__Task description__:
Return the following from the records below: each line, word for word, starting with the line that contains "have Nu : u" and going on through the line that contains "have Hu : eta (invw u).", with nothing outside that range.

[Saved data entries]
■ ■ ■ ■ ■ ■ ■

Lemma long_word_link B B' xi xi' n n' eta a :
  B =1 ball xi n -> B' =1 ball xi' n' -> 0 < n -> 0 < n' ->
  inOmega V0 eta -> eta a -> n + n' <= size a ->
  (forall w, size w <= n -> eta w = xi w) ->
  (forall w, size w <= n' -> theta a eta w = xi' w) ->
  linkable (boundary B) (boundary B').
Proof.
move=> EB EB' Hn Hn' Heta Ha HN Eeta Etheta.
have Hthq : theta a eta (invw a).
  have := @theta_mulw_invw eta a [::] isT.
  by rewrite /mulw /= red_id ?reduced_invw ?(omega_reduced Heta Ha) // => ->; case: Heta.
have [x0 _] : exists x0 : letter G, true.
  by case: (a) HN => [|y s] /= H; [exfalso; lia | exists y].
set q := invw a.
set u := take n q; set m := take (size a - n - n') (drop n q); set v := drop (size a - n') q.
have Sq : size q = size a by rewrite size_invw.
have Eq : q = u ++ m ++ v.
  rewrite /u /m /v -{1}(cat_take_drop n q); congr (_ ++ _).
  rewrite -{1}(cat_take_drop (size a - n - n') (drop n q)) drop_drop.
  by congr (_ ++ drop _ _); lia.
have Su : size u = n by rewrite size_takel // Sq; lia.
have Sv : size v = n' by rewrite size_drop Sq; lia.
have Nu : u != [::] by rewrite -size_eq0 Su -lt0n.
have Nv : v != [::] by rewrite -size_eq0 Sv -lt0n.
exists (flip (last x0 u)), (head x0 v), m; split.
- have Ea : a = invw v ++ invw m ++ invw u by rewrite -[a]invwK -/q Eq !invw_cat catA.
  have Hu : eta (invw u).
    by apply: (omega_suffix (u := invw v ++ invw m)); rewrite // -catA -Ea.
  case/lastP: u Nu Hu Su {Eq Ea} => [|u' l] // _; rewrite last_rcons.
  rewrite /invw map_rcons rev_rcons => Hu Su.
  have Sw : size (flip l :: rev (map (@flip G) u')) = n.
    by rewrite -Su size_rcons /= size_rev size_map.
  by apply: (boundary_ball_size EB _ Sw); rewrite -Eeta ?Sw.
- have Hv : theta a eta v.
    by apply: (omega_suffix (u := u ++ m)); [exact: omega_theta | rewrite -catA -Eq].
  case: v Nv Hv Sv {Eq} => [|y v] // _ Hv Sv.
  by apply: (boundary_ball_size EB' _ Sv); rewrite -Etheta ?Sv.
- rewrite flipK; apply: admissible_link_segment => //; rewrite -Eq.
  apply: omega_admissible (omega_theta Heta Ha) Hthq _.
  by rewrite -size_eq0 Sq -lt0n; apply: leq_trans HN; rewrite addn_gt0 Hn.
Qed.
(* For every round $\ell\ge\lceil n/2\rceil$ of Algorithm 2 in which a tentative edge $e^{(\ell)}$ exists, the probability that $e^{(\ell)}$ is feasible, i.e. that the set of edges accepted before round $\ell$ together with $e^{(\ell)}$ is a matching, conditioned on $L^{\le\ell}$ and on $T^{\ge\ell+1}$, is at least $\frac{n/2-1}{\ell-1}$.
   Context: Submodular secretary matching setting. Let $G=(L\cup R,E)$ be a bipartite graph with $|L|=n$, and $v\colon 2^E\to\mathbb{R}_{\ge0}$ monotone and submodular. The vertices of $L$ arrive one per round in uniformly random order; on arrival of $u\in L$ its incident edges are revealed; $L^{\le\ell}$ denotes the set of vertices of $L$ arriving in rounds $1,\dots,\ell$. $\mathcal{A}$ is an offline algorithm that for every $L'\subseteq L$ returns a matching $\mathcal{A}(L'\cup R)$ of the subgraph induced by $L'\cup R$, depending only on the set $L'$. Algorithm 2: it rejects the vertices arriving in rounds $1,\dots,\lceil n/2\rceil-1$; in each round $\ell\ge\lceil n/2\rceil$ with arriving vertex $u$, it computes $M^{(\ell)}=\mathcal{A}(L^{\le\ell}\cup R)$, lets $e^{(\ell)}$ be the edge incident to $u$ in $M^{(\ell)}$ (the tentative edge; none if $u$ is unmatched), and if $e^{(\ell)}$ exists and the set of accepted edges together with $e^{(\ell)}$ is a matching, accepts $e^{(\ell)}$. $T^{\ge\ell}$ is the set of tentative edges of rounds $\ell,\dots,n$. *)

From HB Require Import structures.
From mathcomp Require Import all_boot all_order all_algebra all_fingroup.
Set Implicit Arguments. Unset Strict Implicit. Unset Printing Implicit Defensive.

(* Vertices of L are 'I_n; R is a finite type; edges are pairs (u, r).
   A random arrival order is a permutation pi : {perm 'I_n}; the vertex
   arriving in round k+1 (paper's 1-indexed round) is pi k, for k : 'I_n. *)

Section Alg.
Variables (n : nat) (R : finType).
Variable A : {set 'I_n} -> {set 'I_n * R}.

Definition is_matching (M : {set 'I_n * R}) : bool :=
  [forall e in M, forall f in M, ((e.1 == f.1) || (e.2 == f.2)) ==> (e == f)].

(* L^{<= j}: vertices arriving in rounds 1..j. *)
Definition arrived (pi : {perm 'I_n}) (j : nat) : {set 'I_n} :=
  [set pi i | i : 'I_n & (i < j)%N].

(* Tentative edge of (1-indexed) round k+1: the edge of
   M^{(k+1)} = A(L^{<= k+1}) incident to the vertex arriving in round k+1. *)
Definition tent (pi : {perm 'I_n}) (k : nat) : option ('I_n * R) :=
  [pick e in A (arrived pi k.+1) | e.1 \in [set pi i | i : 'I_n & val i == k]].

Fixpoint accepted (pi : {perm 'I_n}) (k : nat) : {set 'I_n * R} :=
  match k with
  | 0 => set0
  | k'.+1 =>
      let a := accepted pi k' in
      if (uphalf n <= k'.+1)%N then
        match tent pi k' with
        | Some e => if is_matching (e |: a) then e |: a else a
        | None => a
        end
      else a
  end.

(* T^{>= l+1} where round l has 0-based index i (l = i+1): tentative
   edges of rounds l+1..n, i.e. 0-based indices j with i < j < n. *)
Definition tent_after (pi : {perm 'I_n}) (i : nat) : {set 'I_n * R} :=
  [set e | [exists j : 'I_n, (i < j)%N && (tent pi j == Some e)]].

(* e^{(l)} (0-based index i) exists and is feasible w.r.t. edges accepted
   before round l (i.e. in rounds 1..l-1 = 1..i). *)
Definition feasible (pi : {perm 'I_n}) (i : nat) : bool :=
  if tent pi i is Some e then is_matching (e |: accepted pi i) else false.

End Alg.

From mathcomp Require Import all_boot all_order all_algebra all_fingroup.
From mathcomp Require Import zify.
Import Order.TTheory GRing.Theory Num.Theory.
Set Implicit Arguments. Unset Strict Implicit.

(* Reordering the first l arrivals, i.e. multiplying the arrival order on the
   left by a permutation of the first l positions, changes neither L^{<=l} nor
   T^{>=l+1}, so it suffices to bound the fraction of feasible orders on each
   such orbit.  On an orbit the tentative edge of round l is (pi l, r) for some
   r fixed by the vertex arriving last, and it is feasible as soon as no
   tentative edge of rounds ceil(n/2), ..., l-1 ends at r.  Going backwards,
   the vertex arriving in round m+1 is uniform in L^{<=m+1}, and as
   A(L^{<=m+1}) is a matching at most one of these m+1 choices sends its
   tentative edge to r.  Hence r stays free with probability at least
   prod_m m/(m+1) = (ceil(n/2) - 1)/(l - 1). *)

Lemma sum_nat_of_bool (T : finType) (X : {set T}) (b : pred T) :
  \sum_(x in X) b x = #|[set x in X | b x]|.
Proof.
rewrite -sum1_card big_mkcond [RHS]big_mkcond /=; apply: eq_bigr => x _.
by rewrite !inE; case: (x \in X); case: (b x).
Qed.
(* A cover of the unit ball by boxes, rescaled by r and translated by c, covers [cball c r]. *)
Lemma leb_outer_cball_le {k} (c : 'rV[R]_k) (r : R) : 0 < r ->
  (leb_outer (cball c r) <= (r ^+ k)%:E * leb_outer (B1U k))%E.
Proof.
move=> r0; have rk0 : 0 < r ^+ k by rewrite exprn_gt0.
rewrite -lee_pdivrMl //; apply: le_ereal_inf_tmp => _ [F B1F <-].
rewrite lee_pdivrMl // -nneseriesZl; last by move=> i _; rewrite lee_fin box_vol_ge0.
apply: ereal_inf_lbound; exists (fun j => (c + r *: (F j).1, c + r *: (F j).2)).
  move=> s hs; have : B1U k (r^-1 *: (s - c)).
    rewrite /B1U /cball /= subr0 eucl_normrZ ger0_norm ?invr_ge0 ?(ltW r0) //.
    by rewrite mulrC ler_pdivrMr // mul1r.
  move=> /B1F [j _ Fj]; exists j => // i; have := Fj i; rewrite !mxE /=.
  set u := r^-1 * _ => /andP [lo hi].
  have -> : s 0 i = c 0 i + r * u.
    by rewrite /u mulrA divff ?gt_eqF // mul1r addrCA subrr addr0.
  by rewrite !lerD2l !ler_pM2l // lo hi.
apply: congr_lim; apply/funext => N; apply: eq_bigr => j _; congr (_%:E).
have -> : r ^+ k = \prod_(i < k) r by rewrite prodr_const card_ord.
rewrite -big_split /=.
apply: eq_bigr => i _; rewrite !mxE maxr_pMr ?ltW // mulr0.
by congr (Num.max _ _); ring.
Qed.

Lemma nmeas_ge0 {k} (A : set 'rV[R]_k) : (0 <= nmeas A)%E.
Proof. by apply: mule_ge0; rewrite ?leb_outer_ge0 // lee_fin invr_ge0 fine_ge0 ?leb_outer_ge0. Qed.

Lemma le_nmeas {k} {A B : set 'rV[R]_k} : A `<=` B -> (nmeas A <= nmeas B)%E.
Proof.
move=> AB; apply: lee_wpmul2r; last exact: le_leb_outer.
by rewrite lee_fin invr_ge0 fine_ge0 ?leb_outer_ge0.
Qed.

Lemma nmeas_cball_le {k} (c : 'rV[R]_k) (r : R) : 0 < r ->
  (nmeas (cball c r) <= (r ^+ k)%:E * nmeas (B1U k))%E.
Proof.
move=> r0; rewrite /nmeas muleA; apply: lee_wpmul2r; last exact: leb_outer_cball_le.
by rewrite lee_fin invr_ge0 fine_ge0 ?leb_outer_ge0.
Qed.

(* The normalization is only meaningful when [leb_outer (B1U k)] is finite and positive;
   otherwise [fine] returns 0 and [nmeas] vanishes identically. *)
Lemma nmeas_B1U {k} (A : set 'rV[R]_k) :
  (0 < nmeas A)%E -> nmeas (B1U k : set 'rV[R]_k) = 1%E.
Proof.
rewrite /nmeas; have := leb_outer_ge0 (B1U k).
case: (leb_outer _) => [L||] //= L0; last by rewrite invr0 mule0 ltxx.
have [->|L_neq0 _] := eqVneq L 0; first by rewrite invr0 mule0 ltxx.
by rewrite -EFinM divff.
Qed.

End NormalizedMeasure.

Section Coordinates.
Context {R : realType}.

Definition vcoord {k} (v : 'cV[R]_k) (m : nat) : R := padc v^T m.

Lemma padcE {k} (s : 'rV[R]_k) (i : 'I_k) : padc s i = s 0 i.
Proof. by rewrite /padc valK. Qed.

Lemma padc_out {k} (s : 'rV[R]_k) m : (k <= m)%N -> padc s m = 0.
Proof. by move=> km; rewrite /padc insubF // ltnNge km. Qed.

Lemma vcoordE {k} (v : 'cV[R]_k) (i : 'I_k) : vcoord v i = v i 0.
Proof. by rewrite /vcoord padcE mxE. Qed.

Lemma sum_split_coords n (F : nat -> R) : (2 <= n)%N ->
  \sum_(i < n.+1) F i = F 0%N + \sum_(i < n - 2) F i.+1 + F n.-1 + F n.
Proof.
case: n => [|[|k]] // _; rewrite !subSS subn0.
rewrite -(big_mkord xpredT F) -(big_mkord xpredT (fun i => F i.+1)).
by rewrite big_nat_recl // big_nat_recr //= big_nat_recr //= !addrA.
Qed.

Definition vmid {n} (v : 'cV[R]_n.+1) : 'rV[R]_(n - 2) := \row_(i < n - 2) vcoord v i.+1.

Definition cusp_center {n} (v : 'cV[R]_n.+1) : 'rV[R]_(n - 2) :=
  - (vcoord v n)^-1 *: vmid v.

End Coordinates.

■ ■ ■ ■ ■ ■ ■

__Response to the task__:
have Nu : u != [::] by rewrite -size_eq0 Su -lt0n.
have Nv : v != [::] by rewrite -size_eq0 Sv -lt0n.
exists (flip (last x0 u)), (head x0 v), m; split.
- have Ea : a = invw v ++ invw m ++ invw u by rewrite -[a]invwK -/q Eq !invw_cat catA.
  have Hu : eta (invw u).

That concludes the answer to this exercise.